UKPLab / sentence-transformers

State-of-the-Art Text Embeddings
https://www.sbert.net
Apache License 2.0
15.39k stars 2.49k forks source link

can't train with triplet loss #407

Open sueqian6 opened 4 years ago

sueqian6 commented 4 years ago

Hi,

I tried to train on the wikipedia dataset with triplet loss using the code given here: https://github.com/UKPLab/sentence-transformers/blob/master/examples/training/other/training_wikipedia_sections.py

However, I get this error: TypeError: must be real number, not NoneType

image

The same happens when I use custom triplet dataset.

Thanks.

nreimers commented 4 years ago

I just updated the example. Please check if it works.

sueqian6 commented 4 years ago

I just updated the example. Please check if it works.

Thank you! That's super fast.

omerarshad commented 4 years ago

@sueqian6 @nreimers where can i find the data to train on tripet loss ?

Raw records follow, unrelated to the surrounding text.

Definition poly_obs (n d : nat) (c : {ffun 'I_n -> 'I_d.+1} -> R)
    (rho : Mat R n) : R :=
  \sum_(a : {ffun 'I_n -> 'I_d.+1} | (\sum_i (a i : nat) <= d)%N)
     c a * \prod_i expZ rho i ^+ a i.

Definition mx_conv_to (N : nat) (X : nat -> 'M[R[i]]_N) (Y : 'M[R[i]]_N) : Prop :=
  (fun m => hs_norm (X m - Y)) @ \oo --> (0 : R).

(* evolve T u k m X = T(u_k) T(u_{k-1}) ... T(u_{k-m}) X *)
Fixpoint evolve (N : nat) (T : R -> 'M[R[i]]_N -> 'M[R[i]]_N) (u : int -> R)
    (k : int) (m : nat) (X : 'M[R[i]]_N) : 'M[R[i]]_N :=
  match m with
  | O => T (u k) X
  | m'.+1 => T (u k) (evolve T u (k - 1) m' X)
  end.

(* the state at time k: the limit of T(u_k)...T(u_{k-m}) rho_{-m} as m -> oo,
   the same for every choice of density operators rho_{-m} *)
Definition limit_state (N : nat) (T : R -> 'M[R[i]]_N -> 'M[R[i]]_N)
    (u : int -> R) (k : int) : 'M[R[i]]_N :=
  xget 0 [set Y | forall rho : nat -> 'M[R[i]]_N,
      (forall m, density (rho m)) -> mx_conv_to (fun m => evolve T u k m (rho m)) Y].

Definition induced_filter (N : nat) (T : R -> 'M[R[i]]_N -> 'M[R[i]]_N)
    (h : 'M[R[i]]_N -> R) (u : int -> R) (k : int) : R :=
  h (limit_state T u k).

Definition DL (D : set R) (L : R) : set R := D `&` `[- L, L].

Definition KL (D : set R) (L : R) : set (int -> R) :=
  [set u | forall k, DL D L (u k)].

(* K_L^-(D): left-infinite sequences; u_ : nat -> R with u_ j = u_{-j} *)
Definition KLm (D : set R) (L : R) : set (nat -> R) :=
  [set u | forall j, DL D L (u j)].

Definition extend (um : nat -> R) : int -> R :=
  fun k => match k with Posz _ => um 0%N
                      | Negz m => um m.+1 end.
Lemma enorm2_eq0 (z : V) : enorm2 z = 0 -> z = 0.
Proof.
rewrite /enorm2 => h.
have hs : 0 <= \sum_(i < n.+1 | (0 < (i : nat) < n)%N) qnorm2 (z i 0).
  by apply: sumr_ge0 => i _; apply: qnorm2_ge0.
have h0 := qnorm2_ge0 (z ord0 0); have h1 := qnorm2_ge0 (z ord_max 0).
have /eqP e0 : qnorm2 (z ord0 0) = 0 by lra.
have /eqP e1 : qnorm2 (z ord_max 0) = 0 by lra.
have es : \sum_(i < n.+1 | (0 < (i : nat) < n)%N) qnorm2 (z i 0) = 0 by lra.
have {}es := psumr_eq0P (fun i _ => qnorm2_ge0 (z i 0)) es.
apply/matrixP => i j; rewrite (ord1 j) mxE; apply/eqP; rewrite -qnorm2_eq0.
have [i0|i0] := eqVneq (i : nat) 0%N; first by rewrite (_ : i = ord0) //; apply: val_inj.
have [im|im] := eqVneq (i : nat) n; first by rewrite (_ : i = ord_max) //; apply: val_inj.
by apply/eqP/es; have := ltn_ord i; lia.
Qed.

Definition timelike (t : V) : Prop := exists2 r : R, r < 0 & hform t t = qreal r.

(* Move [t] along [w] into the hyperplane [cone_coord = 0], where the form is nonnegative. *)
Lemma orth_timelike_gt0 (t w : V) :
  timelike t -> hform w t = 0 -> w != 0 -> 0 < q0 (hform w w).
Proof.
case=> r r0 htt hwt w0.
have [cw0|cw0] := eqVneq (cone_coord w) 0.
  rewrite hform_self_q0 cw0 qnorm2_0 subr0 lt_neqAle enorm2_ge0 andbT.
  by apply: contra w0 => /eqP/esym/enorm2_eq0 ->.
set b := - (cone_coord w)^-1 * cone_coord t.
set v := t + rscale w b.
have cv0 : cone_coord v = 0.
  by rewrite cone_coordD cone_coordZ /b mulNr mulrN mulrA divrr ?mul1r ?subrr // qunitE.
clearbody b.
have hvv : hform v v = qreal (r + q0 (hform w w) * qnorm2 b).
  rewrite !hform_addl !hform_addr !hform_scalel !hform_scaler -(hform_conj w t) hwt.
  rewrite qconj0 mul0r mulr0 !addr0 add0r htt [hform w w]hform_self_real.
  by rewrite qconj_qreal_mul qrealD.
have := hform_self_q0 v; rewrite cv0 qnorm2_0 subr0 hvv /= => e.
have := enorm2_ge0 v; rewrite -e; have := qnorm2_ge0 b; nra.
Qed.

End Form.

Section Reflections.
Variables (R : realType) (n : nat).
Hypothesis n_gt0 : (0 < n)%N.
Local Notation H := (quat R).
Local Notation V := (qvec R n).

Lemma sum_ord_ends (F : 'I_n.+1 -> H) :
  \sum_i F i = F ord0 + \sum_(i < n.+1 | (0 < (i : nat) < n)%N) F i + F ord_max.
Proof.
rewrite (bigD1 ord0) //= (bigD1 ord_max) /=; last by rewrite -val_eqE /= -lt0n n_gt0.
rewrite -addrA; congr (_ + _); rewrite addrC; congr (_ + _); apply: eq_bigl => i.
by rewrite -!val_eqE /= lt0n ltn_neqAle -ltnS ltn_ord andbT.
Qed.

Definition form_row (w : V) : 'rV[H]_(n.+1) :=
  \row_j (if (j : nat) == 0%N then qconj (w ord_max 0)
          else if (j : nat) == n then qconj (w ord0 0) else qconj (w j 0)).

Lemma hform_row (z w : V) : hform z w = (form_row w *m z) 0 0.
Proof.
rewrite mxE sum_ord_ends !mxE /= eqxx (gtn_eqF n_gt0) /hform.
by congr (_ + _ + _); apply: eq_bigr => i /andP [i0 iN]; rewrite mxE (gtn_eqF i0) (ltn_eqF iN).
Qed.

Definition qreflection (w : V) (c : H) : 'M[H]_(n.+1) := 1%:M - rscale w c *m form_row w.

Lemma qreflectionE (w : V) c z : qreflection w c *m z = z - rscale w (c * hform z w).
Proof.
rewrite mulmxBl mul1mx -mulmxA mulmx_rscale -hform_row; congr (_ - _).
by apply/matrixP => i j; rewrite !mxE mulrA.
Qed.

Lemma hform_sub_self (u e : V) : hform u u = hform e e ->
  hform (u - e) (u - e) = hform u (u - e) + qconj (hform u (u - e)).
Proof. by move=> hue; rewrite !hform_subl !hform_subr qconjB !hform_conj -hue opprB. Qed.

(* With c = <u, w>^-1, the map z |-> z - w c <z, w> is an isometry because
   <w, w> = c^-1 + conj (c^-1) when <u, u> = <e, e>. *)
Lemma Sp_reflection (u e : V) : hform u u = hform e e -> hform u (u - e) != 0 ->
  exists T, [/\ in_Sp T, T *m u = e & forall y, hform y (u - e) = 0 -> T *m y = y].
Proof.
move=> hue g0; set w := u - e; set g := hform u w; set c := g^-1.
have gc : g * c = 1 by rewrite divrr ?qunitE.
have cg : c * g = 1 by rewrite mulVr ?qunitE.
have hww : hform w w = g + qconj g by apply: hform_sub_self.
have ug : hform u w = g by [].
have uew : u - e = w by [].
clearbody c g w.
exists (qreflection w c); split.
- move=> z z'; rewrite !qreflectionE !hform_subl !hform_subr !hform_scalel !hform_scaler hww.
  rewrite -(hform_conj z' w) !qconjM !mulrA.
  set a := hform z w; set b := qconj (hform z' w).
  have key : qconj c * (g + qconj g) * c = qconj c + c.
    by rewrite mulrDr mulrDl -mulrA gc mulr1 -qconjM gc qconj1 mul1r.
  have -> : b * qconj c * (g + qconj g) * c * a = b * (qconj c * (g + qconj g) * c) * a.
    by rewrite !mulrA.
  by rewrite key (mulrDr b) (mulrDl _ _ a) opprB addrK subrK.
- by rewrite qreflectionE ug cg rscale1 -uew subKr.
- by move=> y hy; rewrite qreflectionE hy mulr0 rscale0 subr0.
Qed.

End Reflections.

Section Extension.
Variables (R : realType) (n : nat).
Hypothesis n_gt0 : (0 < n)%N.
Local Notation H := (quat R).
Local Notation V := (qvec R n).

Lemma Sp_map_fixing_perp (u e t : V) :
  timelike t -> hform u u = hform e e -> hform (u - e) t = 0 ->
  exists T, [/\ in_Sp T, T *m u = e & forall y, hform y (u - e) = 0 -> T *m y = y].
Proof.
move=> ht hue hwt; have [w0|w0] := eqVneq (u - e) 0.
  exists 1%:M; split; [exact: in_Sp1 | by rewrite mul1mx; apply: subr0_eq |].
  by move=> y _; rewrite mul1mx.
apply: Sp_reflection => //; apply: contraTneq (orth_timelike_gt0 ht hwt w0) => g0.
by rewrite hform_sub_self // g0 qconj0 addr0 ltxx.
Qed.

(* If <u, u - e> = 0 then <u, u + e> = 2 <u, u> != 0: reflect u onto -e and negate. *)
Lemma Sp_transitive_timelike (u e : V) :
  timelike u -> hform u u = hform e e -> exists D, in_Sp D /\ D *m u = e.
Proof.
case=> r r0 hur hue.
have [g0|g0] := eqVneq (hform u (u - e)) 0; last first.
  by have [T [hT Tu _]] := Sp_reflection n_gt0 hue g0; exists T.
have hue' : hform u u = hform (- e) (- e) by rewrite hform_oppl hform_oppr opprK.
have g1 : hform u (u - - e) != 0.
  rewrite opprK hform_addr; move: g0; rewrite hform_subr => /subr0_eq <-.
  by rewrite hur -qrealD qreal_eq0; apply/eqP; lra.
have [T [hT Tu _]] := Sp_reflection n_gt0 hue' g1.
by exists (- T); split; [exact: in_SpN | rewrite mulNmx Tu opprK].
Qed.

Lemma hyperbolic_pairE (x y : V) :
  hform x x = 0 -> hform y y = 0 -> hform x y = 1 ->
  [/\ hform (x - y) (x - y) = qreal (-2), hform (x + y) (x + y) = qreal 2
    & hform (x + y) (x - y) = 0].
Proof.
move=> hxx hyy hxy; have hyx : hform y x = 1 by rewrite -hform_conj hxy qconj1.
rewrite !(hform_addl, hform_addr, hform_oppl, hform_oppr) hxx hyy hxy hyx.
by split; apply: quatP; rewrite ?qE /=; lra.
Qed.

Lemma hyperbolic_pair_timelike (x y : V) :
  hform x x = 0 -> hform y y = 0 -> hform x y = 1 -> timelike (x - y).
Proof.
move=> hxx hyy hxy; have [? _ _] := hyperbolic_pairE hxx hyy hxy.
by exists (-2) => //; lra.
Qed.

(* Map the timelike p1 - p2 first, then p1 + p2 by a map fixing q1 - q2. *)
Lemma Sp_map_hyperbolic_pair (p1 p2 q1 q2 : V) :
  hform p1 p1 = 0 -> hform p2 p2 = 0 -> hform p1 p2 = 1 ->
  hform q1 q1 = 0 -> hform q2 q2 = 0 -> hform q1 q2 = 1 ->
  exists D, [/\ in_Sp D, D *m p1 = q1 & D *m p2 = q2].
Proof.
move=> hp11 hp22 hp12 hq11 hq22 hq12.
have [htt hss hst] := hyperbolic_pairE hp11 hp22 hp12.
have [htt' hss' hst'] := hyperbolic_pairE hq11 hq22 hq12.
have ht' := hyperbolic_pair_timelike hq11 hq22 hq12.
have [D1 [hD1 D1t]] := Sp_transitive_timelike (hyperbolic_pair_timelike hp11 hp22 hp12)
  (etrans htt (esym htt')).
have hDs : hform (D1 *m (p1 + p2)) (D1 *m (p1 + p2)) = hform (q1 + q2) (q1 + q2).
  by rewrite hD1 hss hss'.
have orth : hform (D1 *m (p1 + p2) - (q1 + q2)) (q1 - q2) = 0.
  by rewrite hform_subl hst' -D1t hD1 hst subrr.
have [T [hT Ts Tfix]] := Sp_map_fixing_perp ht' hDs orth.
have Tt : T *m (q1 - q2) = q1 - q2 by rewrite Tfix // -hform_conj orth qconj0.
have TD1t : T *m D1 *m (p1 - p2) = q1 - q2 by rewrite -mulmxA D1t Tt.
have TD1s : T *m D1 *m (p1 + p2) = q1 + q2 by rewrite -mulmxA Ts.
have dbl (x y : V) : x + x = (x + y) + (x - y) /\ y + y = (x + y) - (x - y).
  by split; [rewrite addrACA subrr addr0 | rewrite opprB [RHS]addrC addrA subrK].
have [[dp1 dp2] [dq1 dq2]] := (dbl p1 p2, dbl q1 q2).
exists (T *m D1); split; first exact: in_SpM.
- by apply: double_inj; rewrite -mulmxDr dp1 dq1 mulmxDr TD1s TD1t.
- by apply: double_inj; rewrite -mulmxDr dp2 dq2 mulmxBr TD1s TD1t.
Qed.
(* For every $M\in\mathbb N$, every prime power $q$ and every $\varepsilon>0$, for almost all $a\in(\mathbb F_q^M)^\infty$ (uniform product measure), $$-\varepsilon<\liminf_{n\to\infty}\frac{d_a(n)}{n}\le\limsup_{n\to\infty}\frac{d_a(n)}{n}<\varepsilon.$$
   Context: Let $q$ be a prime power and $M\ge1$. For $a=(a_{k,m})_{k\ge1,\,1\le m\le M}\in(\mathbb F_q^M)^\infty$ and $n\in\mathbb N_0$, $L_a(n)$ is the least $L\ge0$ such that there exist $c_1,\dots,c_L\in\mathbb F_q$ with $a_{k,m}=\sum_{i=1}^L c_i a_{k-i,m}$ for all $L<k\le n$ and all $1\le m\le M$; $L_a(0)=0$. The linear complexity deviation is $d_a(n)=L_a(n)-\lceil nM/(M+1)\rceil$. *)

From mathcomp Require Import all_boot all_order all_algebra all_field.
From mathcomp Require Import all_classical all_reals.
From mathcomp Require Import topology normedtype sequences.
Set Implicit Arguments. Unset Strict Implicit. Unset Printing Implicit Defensive.
Import Order.TTheory GRing.Theory Num.Theory.

(* A sequence a in (F^M)^oo is a function  a : nat -> {ffun 'I_M -> F},
   where  a k  represents the paper's a_{k+1} (the paper indexes from 1).
   [entry a k m] is the paper's a_{k,m} for k >= 1. *)
Definition entry (F : finFieldType) (M : nat)
  (a : nat -> {ffun 'I_M -> F}) (k : nat) (m : 'I_M) : F := a k.-1 m.

Definition lin_rec (F : finFieldType) (M : nat)
  (a : nat -> {ffun 'I_M -> F}) (n L : nat) : Prop :=
  exists c : 'I_L -> F, forall k : nat, (L < k <= n)%N -> forall m : 'I_M,
    entry a k m = (\sum_(i < L) c i * entry a (k - i.+1) m)%R.
(* Let $\mathbf{k}$ be a commutative ring and $H$ a commutative connected graded $\mathbf{k}$-Hopf algebra. Let $\beta_H:H\to H\otimes\mathrm{QSym}_{\mathbf{k}}$ be defined by $\beta_H(h)=\sum_{\alpha\in\mathrm{Comp}}\xi_\alpha(h)\otimes M_\alpha$. (a) $\beta_H$ is a $\mathbf{k}$-algebra homomorphism and a graded $(\mathbf{k},H)$-coalgebra homomorphism. (b) $(\mathrm{id}_H\otimes\varepsilon_P)\circ\beta_H=\mathrm{id}_H$ (identifying $H\otimes\mathbf{k}$ with $H$). (c) $(\beta_H\otimes\mathrm{id}_{\mathrm{QSym}_{\mathbf{k}}})\circ\beta_H=(\mathrm{id}_H\otimes\Delta'_P)\circ\beta_H$ as maps $H\to H\otimes\mathrm{QSym}_{\mathbf{k}}\otimes\mathrm{QSym}_{\mathbf{k}}$. (d) If the $\mathbf{k}$-coalgebra $H$ is cocommutative, then $\beta_H(H)\subseteq H\otimes\Lambda_{\mathbf{k}}$, where $\Lambda_{\mathbf{k}}\subseteq\mathrm{QSym}_{\mathbf{k}}$ is the algebra of symmetric functions.
   Context: Unadorned tensor products are over $\mathbf{k}$; graded means $\mathbb{N}$-graded, connected means $H_0\cong\mathbf{k}$ via the counit. A composition is a finite sequence of positive integers; $\mathrm{Comp}$ the set of compositions. $\mathrm{QSym}_{\mathbf{k}}\subseteq\mathbf{k}[[x_1,x_2,\ldots]]$ is the Hopf algebra of quasisymmetric functions with monomial basis $M_\alpha=\sum_{1\le i_1<\cdots<i_\ell}x_{i_1}^{\alpha_1}\cdots x_{i_\ell}^{\alpha_\ell}$ (for $\alpha=(\alpha_1,\ldots,\alpha_\ell)$, degree $\alpha_1+\cdots+\alpha_\ell$), with $\Delta(M_{(b_1,\ldots,b_\ell)})=\sum_{i=0}^\ell M_{(b_1,\ldots,b_i)}\otimes M_{(b_{i+1},\ldots,b_\ell)}$; $\varepsilon_P:\mathrm{QSym}_{\mathbf{k}}\to\mathbf{k}$, $f\mapsto f(1,0,0,\ldots)$. For $\alpha=(a_1,\ldots,a_k)$, $\xi_\alpha=m^{(k-1)}\circ\pi_\alpha\circ\Delta^{(k-1)}:H\to H$, where $\Delta^{(k-1)}:H\to H^{\otimes k}$ is the iterated comultiplication ($\Delta^{(-1)}=\varepsilon$, $\Delta^{(0)}=\mathrm{id}$, $\Delta^{(k)}=(\mathrm{id}\otimes\Delta^{(k-1)})\circ\Delta$), $m^{(k-1)}:H^{\otimes k}\to H$ is $h_1\otimes\cdots\otimes h_k\mapsto h_1\cdots h_k$ ($m^{(-1)}$ the unit), and $\pi_\alpha=\pi_{a_1}\otimes\cdots\otimes\pi_{a_k}$ with $\pi_n:H\to H$ the projection onto $H_n$. The sum defining $\beta_H(h)$ is finite. Second comultiplication: for $A=(a_{i,j})\in\mathbb{N}^{u\times v}$, $\mathrm{column}\,A$ is the $v$-tuple of column sums, $\mathrm{row}\,A$ the $u$-tuple of row sums, $\mathrm{read}\,A=(a_{1,1},\ldots,a_{1,v},\ldots,a_{u,1},\ldots,a_{u,v})$; $A$ is reduced if no row and no column is zero; $\mathbb{N}^{\bullet,\bullet}_{\mathrm{red}}$ is the set of all reduced matrices of all sizes; $w^{\mathrm{red}}$ is $w$ with zero entries removed. $\Delta_P$ is the $\mathbf{k}$-linear map $M_\gamma\mapsto\sum_{A\in\mathbb{N}^{\bullet,\bullet}_{\mathrm{red}},(\mathrm{read}\,A)^{\mathrm{red}}=\gamma}M_{\mathrm{row}\,A}\otimes M_{\mathrm{column}\,A}$, and $\Delta'_P=\tau\circ\Delta_P$ with $\tau$ the twist $x\otimes y\mapsto y\otimes x$. Extension of scalars: $H\otimes\mathrm{QSym}_{\mathbf{k}}$ is regarded as an $H$-module via $a(b\otimes q)=ab\otimes q$, an $H$-algebra, and an $H$-coalgebra with comultiplication $\mathrm{id}_H\otimes\Delta$ (identifying $H\otimes(Q\otimes Q)\cong(H\otimes Q)\otimes_H(H\otimes Q)$) and counit $\mathrm{id}_H\otimes\varepsilon$, graded by $(H\otimes\mathrm{QSym}_{\mathbf{k}})_n=H\otimes(\mathrm{QSym}_{\mathbf{k}})_n$ (the grading and coalgebra structure of the left factor $H$ are ignored). Also $H\otimes H$ (scalars extended to the left factor) is an $H$-coalgebra in the same way. A $\mathbf{k}$-linear $f:H\to G$ into an $H$-coalgebra $G$ is a $(\mathbf{k},H)$-coalgebra homomorphism if $f^\sharp:H\otimes H\to G$, $a\otimes h\mapsto af(h)$, is an $H$-coalgebra homomorphism; graded means $\beta_H(H_n)\subseteq H\otimes(\mathrm{QSym}_{\mathbf{k}})_n$. *)

From HB Require Import structures.
From mathcomp Require Import all_boot all_order all_algebra.

Set Implicit Arguments.
Unset Strict Implicit.
Unset Printing Implicit Defensive.

Import GRing.Theory.
Local Open Scope ring_scope.

(* An element of H (x) H is represented by a formal sum  sum_i a_i (x) b_i,  *)
(* i.e. a list of pairs; two formal sums are equal in H (x) H iff every      *)
(* k-bilinear map out of H x H (into any k-module) takes the same value on   *)
(* them (universal property of the tensor product).  Same for three factors.*)
Section Tensors.
Variables (k : comPzRingType) (H : comAlgType k).

Definition bilinear2 (M : lmodType k) (f : H -> H -> M) : Prop :=
  forall (a : k) (x y z : H),
    f (a *: x + y) z = a *: f x z + f y z /\ f z (a *: x + y) = a *: f z x + f z y.

Definition trilinear3 (M : lmodType k) (f : H -> H -> H -> M) : Prop :=
  forall (a : k) (x y z w : H),
    [/\ f (a *: x + y) z w = a *: f x z w + f y z w,
        f z (a *: x + y) w = a *: f z x w + f z y w &
        f z w (a *: x + y) = a *: f z w x + f z w y].

Definition teq2 (s t : seq (H * H)) : Prop :=
  forall (M : lmodType k) (f : H -> H -> M), bilinear2 f ->
    \sum_(p <- s) f p.1 p.2 = \sum_(p <- t) f p.1 p.2.

Definition teq3 (s t : seq (H * H * H)) : Prop :=
  forall (M : lmodType k) (f : H -> H -> H -> M), trilinear3 f ->
    \sum_(p <- s) f p.1.1 p.1.2 p.2 = \sum_(p <- t) f p.1.1 p.1.2 p.2.

Definition tscale (a : k) (s : seq (H * H)) := [seq (a *: p.1, p.2) | p <- s].
Definition tmul (s t : seq (H * H)) := [seq (p.1 * q.1, p.2 * q.2) | p <- s, q <- t].
Definition tswap (s : seq (H * H)) := [seq (p.2, p.1) | p <- s].

End Tensors.

(*  pi n : the projection H -> H onto the n-th graded piece H_n              *)
(*         (H = (+)_n H_n, with H_n = image of pi n).                        *)
Section Hopf.
Variables (k : comPzRingType) (H : comAlgType k).
Variables (D : H -> seq (H * H)) (eps : H -> k) (S : H -> H) (pi : nat -> H -> H).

nreimers commented 4 years ago

Download links are in the respective example scripts

omerarshad commented 4 years ago

it says "You can get the dataset by running examples/datasets/get_data.py", but there is no such folder "datasets" inside "examples"

nreimers commented 4 years ago

Which script / URL are you referring to?

In the most recent scripts on github, the dataset folder was removed and the downloading of the needed datasets was moved to the scripts. But there might still be some old scripts, that do not download the dataset.

If you can point me to that script, I can fix it

omerarshad commented 4 years ago

training_wikipedia_sections.py

nreimers commented 4 years ago

This script: https://github.com/UKPLab/sentence-transformers/blob/master/examples/training/other/training_wikipedia_sections.py

Downloads the data automatically (line 31)

omerarshad commented 4 years ago

the line was confusing which you have removed now, thanks